Наш собеседник сосредоточенно смотрел на абажур настольной лампы, стараясь что-то припомнить.
— У Ветлугина нет об этом, — вдруг сказал он. — Я читал Ветлугина.
— Да. Это в развитие идей Ветлугина. Петр Арианович не знал, как пригодится России его земля. Ведь Северный морской путь стал нормально действующей магистралью только в наши годы…
— Значит, дополнили учителя, пошли, дальше, чем он? Мечта, романтика — на вполне реальной, даже утилитарной основе?… Это хорошо! — Откинувшись на стуле, Степан Иванович ласково смотрел на нас. — Итак: практически (он сделал ударение на слове «практически») очень важно, чтобы земля была там, на указанных Ветлугиным координатах?
— Сами видите.
— Вижу.
Степан Иванович встал из-за стола, прошелся по комнате. Мы с надеждой смотрели на него.
— Союшкин — что!

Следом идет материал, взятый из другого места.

(* Let $\Gamma$ be a MaxSAT instance encoded with blocking variables $b_1,\dots,b_m$, with $\mathrm{cost}(\Gamma)=k$, and suppose $\Gamma$ contains the unit clauses $b_{i_1},\dots,b_{i_k}$. Then there is a cost-PR calculus derivation from $\Gamma$ of the unit clause $\lnot b_j$ for each $j\notin\{i_1,\dots,i_k\}$, using $O(km)$ steps.
   Context: Substitutions map variables to $0$, $1$ or literals; a partial assignment has $\sigma(x)\in\{0,1,x\}$; $(\sigma\circ\tau)(x)=\sigma(\tau(x))$; total means all variables assigned. $C{\upharpoonright}_\sigma$: apply $\sigma$ to the literals and simplify; $\Gamma{\upharpoonright}_\sigma$ is the multiset of $C{\upharpoonright}_\sigma\ne1$, $C\in\Gamma$. $\lnot C$ is the partial assignment falsifying all literals of $C$. $\Gamma\vdash_1 C$ means unit propagation on $\Gamma{\upharpoonright}_{\lnot C}$ derives the empty clause; $\Gamma\vdash_1\Delta$ means this for all $D\in\Delta$. $\mathrm{cost}(\alpha)=\sum_i\alpha(b_i)$ for total $\alpha$; $\mathrm{cost}(\Gamma)=\min\{\mathrm{cost}(\alpha):\alpha\models\Gamma\}$. $C$ is cost-PR w.r.t. $\Gamma$ if there is a partial assignment $\sigma$ with (1) $\Gamma{\upharpoonright}_{\lnot C}\vdash_1(\Gamma\cup\{C\}){\upharpoonright}_\sigma$ and (2) $\mathrm{cost}(\tau\circ\sigma)\le\mathrm{cost}(\tau)$ for all total $\tau\supseteq\lnot C$. A cost-PR calculus derivation from $\Gamma$: sequence $D_1,\dots,D_t$, each in $\Gamma$, or by weakening or resolution from earlier clauses, or cost-PR w.r.t. $\Gamma\cup\{D_1,\dots,D_{i-1}\}$ with $\mathrm{Var}(D_i)\subseteq\mathrm{Var}(\Gamma)$. *)

From mathcomp Require Import all_boot.
Set Implicit Arguments. Unset Strict Implicit. Unset Printing Implicit Defensive.

(* Variables are natural numbers; a literal (x, p) is x if p = true, ~x if p = false. *)
Definition var := nat.
Definition lit := (var * bool)%type.
Definition clause := seq lit.
(* A formula is a multiset of clauses, represented as a list. *)
Definition cnf := seq clause.

(* Partial assignment: sigma x = Some b  (x |-> b), None  (x |-> x). *)
Definition passign := var -> option bool.
Definition tassign := var -> bool.

Definition lit_val (s : passign) (l : lit) : option bool :=
  if s l.1 is Some v then Some (v == l.2) else None.

Definition clause_sat (s : passign) (C : clause) : bool :=
  has (fun l => lit_val s l == Some true) C.

(* C|_sigma when C is not satisfied: remove the falsified literals *)
Definition clause_restr (s : passign) (C : clause) : clause :=
  [seq l <- C | lit_val s l != Some false].

Definition restr (s : passign) (F : cnf) : cnf :=
  [seq clause_restr s C | C <- F & ~~ clause_sat s C].

Definition negcl (C : clause) : passign := fun x =>
  if (x, true) \in C then Some false
  else if (x, false) \in C then Some true else None.

Definition lit_asg (l : lit) : passign := fun y =>
  if y == l.1 then Some l.2 else None.

Inductive up_ref : cnf -> Prop :=
  | up_empty F : [::] \in F -> up_ref F
  | up_unit F l : [:: l] \in F -> up_ref (restr (lit_asg l) F) -> up_ref F.

Definition derives1 (F : cnf) (C : clause) : Prop := up_ref (restr (negcl C) F).
Definition derives1_all (F D : cnf) : Prop := forall C, C \in D -> derives1 F C.

Definition extends (t : tassign) (s : passign) : Prop :=
  forall x v, s x = Some v -> t x = v.

Definition comp (t : tassign) (s : passign) : tassign := fun x =>
  if s x is Some v then v else t x.

Definition cost (m : nat) (b : 'I_m -> var) (t : tassign) : nat :=
  \sum_(i < m) t (b i).

Definition models (t : tassign) (F : cnf) : Prop :=
  forall C, C \in F -> has (fun l => t l.1 == l.2) C.

Definition cost_is (m : nat) (b : 'I_m -> var) (F : cnf) (k : nat) : Prop :=
  (exists a, models a F /\ cost b a = k) /\
  (forall a, models a F -> k <= cost b a).

Definition cost_PR (m : nat) (b : 'I_m -> var) (F : cnf) (C : clause) : Prop :=
  exists s : passign,
    derives1_all (restr (negcl C) F) (restr s (C :: F)) /\
    (forall t, extends t (negcl C) -> cost b (comp t s) <= cost b t).

Definition in_vars (F : cnf) (x : var) : Prop :=
  exists C p, C \in F /\ (x, p) \in C.

(* one derivation step: D may be added given the original formula G and the
   previously derived clauses prev *)
Definition step (m : nat) (b : 'I_m -> var) (G prev : cnf) (D : clause) : Prop :=
  D \in G
  \/ (exists C, C \in prev /\ {subset C <= D})
  \/ (exists C1 C2 x, C1 \in prev /\ C2 \in prev /\
        (x, true) \in C1 /\ (x, false) \in C2 /\
        D =i [seq l <- C1 | l != (x, true)] ++ [seq l <- C2 | l != (x, false)])
  \/ (cost_PR b (G ++ prev) D /\ forall x p, (x, p) \in D -> in_vars G x).

Definition derivation (m : nat) (b : 'I_m -> var) (G : cnf) (ds : seq clause) : Prop :=
  forall i, i < size ds -> step b G (take i ds) (nth [::] ds i).

Definition blocking_encoded (m : nat) (b : 'I_m -> var) (G : cnf) : Prop :=
  injective b /\ forall i, in_vars G (b i).

From mathcomp Require Import all_boot.
Set Implicit Arguments. Unset Strict Implicit. Unset Printing Implicit Defensive.

(* Fix an optimal model a. Since it satisfies the units b_i (i in I) and has
   cost k = #|I|, it sets b_j to 0 for every j outside I. For such j the clause
   ~b_j \/ \/_(i in I) ~b_i is cost-PR with witness a itself: a satisfies every
   clause derived so far, and every assignment falsifying the clause has cost
   at least k. Resolving it against the k units b_i yields ~b_j, so the whole
   derivation has k + (k + 1) * (m - k) clauses. *)

Definition neg_clause (xs : seq var) : clause := [seq (x, false) | x <- xs].

Fixpoint unit_resolvents (x : var) (ys : seq var) : seq clause :=
  if ys is _ :: ys' then neg_clause (x :: ys') :: unit_resolvents x ys' else [::].

Definition elim_block (x : var) (ys : seq var) : seq clause :=
  neg_clause (x :: ys) :: unit_resolvents x ys.

Lemma size_unit_resolvents x ys : size (unit_resolvents x ys) = size ys.
Proof. by elim: ys => //= y ys ->. Qed.

Lemma size_flatten_elim_block xs ys :
  size (flatten [seq elim_block x ys | x <- xs]) = size xs * (size ys).+1.
Proof.
by elim: xs => //= x xs IH; rewrite size_cat IH size_unit_resolvents mulSn addSn.
Qed.

Lemma unit_mem_elim_block x ys : [:: (x, false)] \in elim_block x ys.
Proof.
rewrite /elim_block; elim: ys => [|y ys IH]; first by rewrite mem_head.
by rewrite /= in_cons IH orbT.
Qed.

Lemma head_mem_elim_block x ys C : C \in elim_block x ys -> (x, false) \in C.
Proof.
rewrite /elim_block; elim: ys => [|y ys IH] /=.
  by rewrite mem_seq1 => /eqP ->; rewrite mem_head.
by rewrite !in_cons => /orP [/eqP -> | /IH]; rewrite ?mem_head.
Qed.

Lemma negcl_neg_clause xs y : y \in xs -> negcl (neg_clause xs) y = Some true.
Proof.
move=> yxs; rewrite /negcl.
have -> : ((y, true) \in neg_clause xs) = false by apply/mapP => -[? _ []].
by rewrite (map_f (fun x => (x, false)) yxs).
Qed.

Lemma filter_neg_clause x y ys :
  x != y -> y \notin ys ->
  [seq l <- neg_clause (x :: y :: ys) | l != (y, false)] = neg_clause (x :: ys).
Proof.
move=> xy yys; rewrite /neg_clause filter_map /= /preim /= !xpair_eqE !andbT xy eqxx /=.
congr (_ :: map _ _); apply/all_filterP/allP => z zys /=.
by rewrite xpair_eqE andbT; apply: contraNneq yys => <-.
Qed.

Lemma restr_model (a : tassign) F : models a F -> restr (fun x => Some (a x)) F = [::].
Proof.
move=> aF; rewrite /restr (@eq_in_filter _ _ pred0) ?filter_pred0 // => C /aF.
by move=> aC; apply/negbF; apply: sub_has aC => l; rewrite /lit_val => ->.
Qed.

Lemma cost_ge_card m (b : 'I_m -> var) (t : tassign) (A : {set 'I_m}) :
  (forall i, i \in A -> t (b i)) -> #|A| <= cost b t.
Proof.
move=> At; rewrite /cost -sum1_card [X in _ <= X](bigID [in A]) /=.
by apply: leq_trans (leq_addr _ _); apply: leq_sum => i /At ->.
Qed.

Lemma cost_le_card_false m (b : 'I_m -> var) (t : tassign) (A : {set 'I_m}) j :
  (forall i, i \in A -> t (b i)) -> cost b t <= #|A| -> j \notin A -> t (b j) = false.
Proof.
move=> At cost_t jA; apply/negbTE/negP => tj.
have : #|j |: A| <= cost b t by apply: cost_ge_card => i /setU1P [-> | /At].
by rewrite cardsU1 jA add1n ltnNge cost_t.
Qed.

(* A total model as witness makes the restricted formula empty, so condition (1) is vacuous. *)
Lemma cost_PR_of_model m (b : 'I_m -> var) F C (a : tassign) :
  models a (C :: F) -> (forall t, extends t (negcl C) -> cost b a <= cost b t) ->
  cost_PR b F C.
Proof. by move=> aCF a_min; exists (fun x => Some (a x)); rewrite restr_model. Qed.

Section Derivations.

Variables (m : nat) (b : 'I_m -> var) (G : cnf).

Definition derivation_from (prev ds : seq clause) : Prop :=
  forall i, i < size ds -> step b G (prev ++ take i ds) (nth [::] ds i).

Lemma derivation_from_cat prev ds es :
  derivation_from prev ds -> derivation_from (prev ++ ds) es ->
  derivation_from prev (ds ++ es).
Proof.
move=> Hds Hes i; rewrite size_cat nth_cat take_cat => lt_i.
case: ltnP => [lt_ds_i|le_ds_i]; first exact: Hds.
rewrite catA; apply: Hes.
by rewrite -(ltn_add2l (size ds)) subnKC.
Qed.

Lemma derivation_from_cons prev C ds :
  step b G prev C -> derivation_from (rcons prev C) ds -> derivation_from prev (C :: ds).
Proof.
move=> HC Hds; apply: (@derivation_from_cat _ [:: C]); last by rewrite cats1.
by case=> // _; rewrite cats0.
Qed.

Lemma derivation_from_mem prev ds : all [in G] ds -> derivation_from prev ds.
Proof. by move=> /allP dsG i lt_i; left; apply/dsG/mem_nth. Qed.

Lemma step_unit_resolution prev x C :
  [:: (x, true)] \in prev -> C \in prev -> (x, false) \in C ->
  step b G prev [seq l <- C | l != (x, false)].
Proof.
move=> unit_x Cprev xC; right; right; left.
exists [:: (x, true)], C, x; do !split => //; first exact: mem_head.
by move=> l; rewrite /= eqxx.
Qed.

Lemma derivation_from_unit_resolvents prev x ys :
  uniq (x :: ys) -> neg_clause (x :: ys) \in prev ->
  (forall y, y \in ys -> [:: (y, true)] \in prev) ->
  derivation_from prev (unit_resolvents x ys).
Proof.
elim: ys prev => [|y ys IH] prev // /and3P [+ yys uys] Cprev units.
rewrite in_cons negb_or => /andP [xy xys].
apply: derivation_from_cons.
  rewrite -(filter_neg_clause xy yys); apply: step_unit_resolution => //.
  - by apply: units; rewrite mem_head.
  - by rewrite /= in_cons mem_head orbT.
apply: IH.
- by rewrite /= xys.
- by rewrite mem_rcons mem_head.
- by move=> z zys; rewrite mem_rcons in_cons units ?orbT // in_cons zys orbT.
Qed.

End Derivations.

Section EliminationBlocks.

Variables (m : nat) (b : 'I_m -> var) (G : cnf) (a : tassign) (ys : seq var).
Hypotheses (a_min : forall t : tassign, (forall y, y \in ys -> t y) -> cost b a <= cost b t)
           (uniq_ys : uniq ys) (ys_vars : forall y, y \in ys -> in_vars G y).

Lemma derivation_from_elim_blocks prev xs :
  models a (G ++ prev) -> (forall y, y \in ys -> [:: (y, true)] \in prev) ->
  (forall x, x \in xs -> [/\ a x = false, x \notin ys & in_vars G x]) ->
  derivation_from b G prev (flatten [seq elim_block x ys | x <- xs]).
Proof.
elim: xs prev => [|x xs IH] prev a_prev units xs_ok; first by move=> i; rewrite ltn0.
have [ax xys x_var] := xs_ok x (mem_head _ _).
apply: (derivation_from_cat (ds := elim_block x ys)).
  apply: derivation_from_cons.
    right; right; right; split.
      apply: (@cost_PR_of_model _ _ _ _ a).
        by move=> C; rewrite in_cons => /orP [/eqP -> | /a_prev] //=; rewrite ax.
      move=> t t_ext; apply: a_min => y yys; apply: t_ext.
      by apply: negcl_neg_clause; rewrite in_cons yys orbT.
    by move=> z p /mapP [y + [-> _]]; rewrite in_cons => /orP [/eqP -> | /ys_vars].
  apply: derivation_from_unit_resolvents; first by rewrite /= xys.
    by rewrite mem_rcons mem_head.
  by move=> y /units; rewrite mem_rcons in_cons => ->; rewrite orbT.
apply: IH.
- move=> C; rewrite catA mem_cat => /orP [/a_prev // | /head_mem_elim_block xC].
  by apply/hasP; exists (x, false) => //=; rewrite ax.
- by move=> y /units; rewrite mem_cat => ->.
- by move=> z zxs; apply: xs_ok; rewrite in_cons zxs orbT.
Qed.

End EliminationBlocks.

Section BlockingVariables.

Variables (m : nat) (b : 'I_m -> var) (I : {set 'I_m}).

Definition blocking_units : seq clause := [seq [:: (b i, true)] | i <- enum I].

Definition blocking_elims : seq clause :=
  flatten [seq elim_block x [seq b i | i <- enum I] | x <- [seq b j | j <- enum (~: I)]].

Lemma size_blocking_units : size blocking_units = #|I|.
Proof. by rewrite size_map -cardE. Qed.

Lemma size_blocking_elims : size blocking_elims = #|~: I| * #|I|.+1.
Proof. by rewrite size_flatten_elim_block !size_map -!cardE. Qed.

Lemma unit_mem_blocking_elims j : j \notin I -> [:: (b j, false)] \in blocking_elims.
Proof.
move=> jI; apply/flatten_mapP; exists (b j); last exact: unit_mem_elim_block.
by apply: map_f; rewrite mem_enum inE.
Qed.

Variable G : cnf.

Lemma derivation_blocking_units :
  (forall i, i \in I -> [:: (b i, true)] \in G) -> derivation_from b G [::] blocking_units.
Proof.
move=> units_I; apply: derivation_from_mem; apply/allP => _ /mapP [i iI ->].
by apply: units_I; rewrite -mem_enum.
Qed.

Lemma derivation_blocking_elims (a : tassign) :
  blocking_encoded b G -> models a G -> (forall i, i \in I -> a (b i)) ->
  cost b a = #|I| -> derivation_from b G blocking_units blocking_elims.
Proof.
move=> [inj_b b_vars] aG a_I cost_a.
apply: (@derivation_from_elim_blocks _ _ _ a).
- move=> t t_I; rewrite cost_a; apply: cost_ge_card => i iI.
  by apply: t_I; apply: map_f; rewrite mem_enum.
- by rewrite map_inj_uniq ?enum_uniq.
- by move=> _ /mapP [i _ ->].
- move=> C; rewrite mem_cat => /orP [/aG // | /mapP [i iI ->]].
  by rewrite /= a_I // -mem_enum.
- by move=> _ /mapP [i iI ->]; apply: map_f.
- move=> x /mapP [j]; rewrite mem_enum inE => jI ->; split => //.
    by apply: (cost_le_card_false a_I _ jI); rewrite cost_a.
  by apply/mapP => -[i]; rewrite mem_enum => iI /inj_b eq_ji; rewrite eq_ji iI in jI.
Qed.

End BlockingVariables.

Theorem lemma4p1 :
  exists c : nat,
  forall (m : nat) (b : 'I_m -> var) (G : cnf) (k : nat) (I : {set 'I_m}),
    blocking_encoded b G ->
    cost_is b G k ->
    #|I| = k ->
    (forall i, i \in I -> [:: (b i, true)] \in G) ->
    exists ds : seq clause,
      derivation b G ds /\
      (forall j, j \notin I -> [:: (b j, false)] \in ds) /\
      size ds <= c * (k.+1 * m).
Proof.
exists 2 => m b G k I encG [[a [aG cost_a]] _] card_I units_I.
have a_I i : i \in I -> a (b i) by move=> /units_I /aG /= /orP [/eqP -> |].
rewrite -{}card_I in cost_a *.
exists (blocking_units b I ++ blocking_elims b I); split.
  apply: derivation_from_cat (derivation_blocking_units units_I) _.
  exact: derivation_blocking_elims encG aG a_I cost_a.
split; first by move=> j jI; rewrite mem_cat unit_mem_blocking_elims ?orbT.
have le_I_m : #|I| <= m by rewrite -[leqRHS](card_ord m) max_card.
have le_notI_m : #|~: I| <= m by rewrite -[leqRHS](card_ord m) max_card.
rewrite size_cat size_blocking_units size_blocking_elims mul2n -addnn leq_add //.
  exact: leq_trans le_I_m (leq_pmull _ _).
by rewrite mulnC leq_mul2l le_notI_m orbT.
Qed.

Союшкин — вздор, — рассуждал он вслух. — «Убрать, снять»… Нет, не то… Спор о земле становится академичным, упирается в тупик. Это опасно! Какой же выход?…
Он подумал, остановился у окна, быстрым, сильным движением распахнул его настежь.
— Вот! — обернулся к нам. — Это, я считаю, и есть выход!
В комнату ворвался свежий сентябрьский ветер. Закачались полосы табачного дыма. Листки бумаги зашевелились, как живые, и поползли по столу. А вместе с холодным воздухом в окно плеснул шум вечерней Москвы: звонки трамваев, голоса людей, проходивших под окнами, обрывок песни, передававшейся по радио.
— Пусть народ примет участие в споре, — продолжал Степан Иванович, — пусть скажет: важно для него это или не важно!
Он начал перелистывать телефонную книжку, бормоча:
— Настежь откроем все окна, настежь. Пусть протянет сквознячком! Полезно, хорошо!.. Ага, вот: партийный отдел центральной газеты.
Он положил руку на трубку телефона.
— Подождите, Степан Иванович, — остановил его Андрей. — Почему именно в партийный отдел, а не в какой-либо другой?
— Сейчас узнаем, в какой. А дело это, товарищи, партийное! Ну как же!.. Открытие новых островов — умножение славы нашей Родины!..
И секретарь партийной организации стал уверенно набирать телефонный номер.
Глава шестая
НА ПОРОГЕ…
Так началось обсуждение одной из наиболее волнующих загадок Арктики, обсуждение, которое перешло затем со страниц центральной газеты на страницы многих провинциальных газет.
Иностранных наблюдателей поражало, что на мою с Андреем статью, посвященную академическому, как они считали, вопросу, стало поступать так много откликов.
В газету писали тульские инженеры-оружейники, мичуринцы из Сухуми, юные географы Харьковского дворца пионеров, профессор истории средних веков, балтийские летчики, комсомольцы-шахтеры шахты N 7-бис Краснолучского района.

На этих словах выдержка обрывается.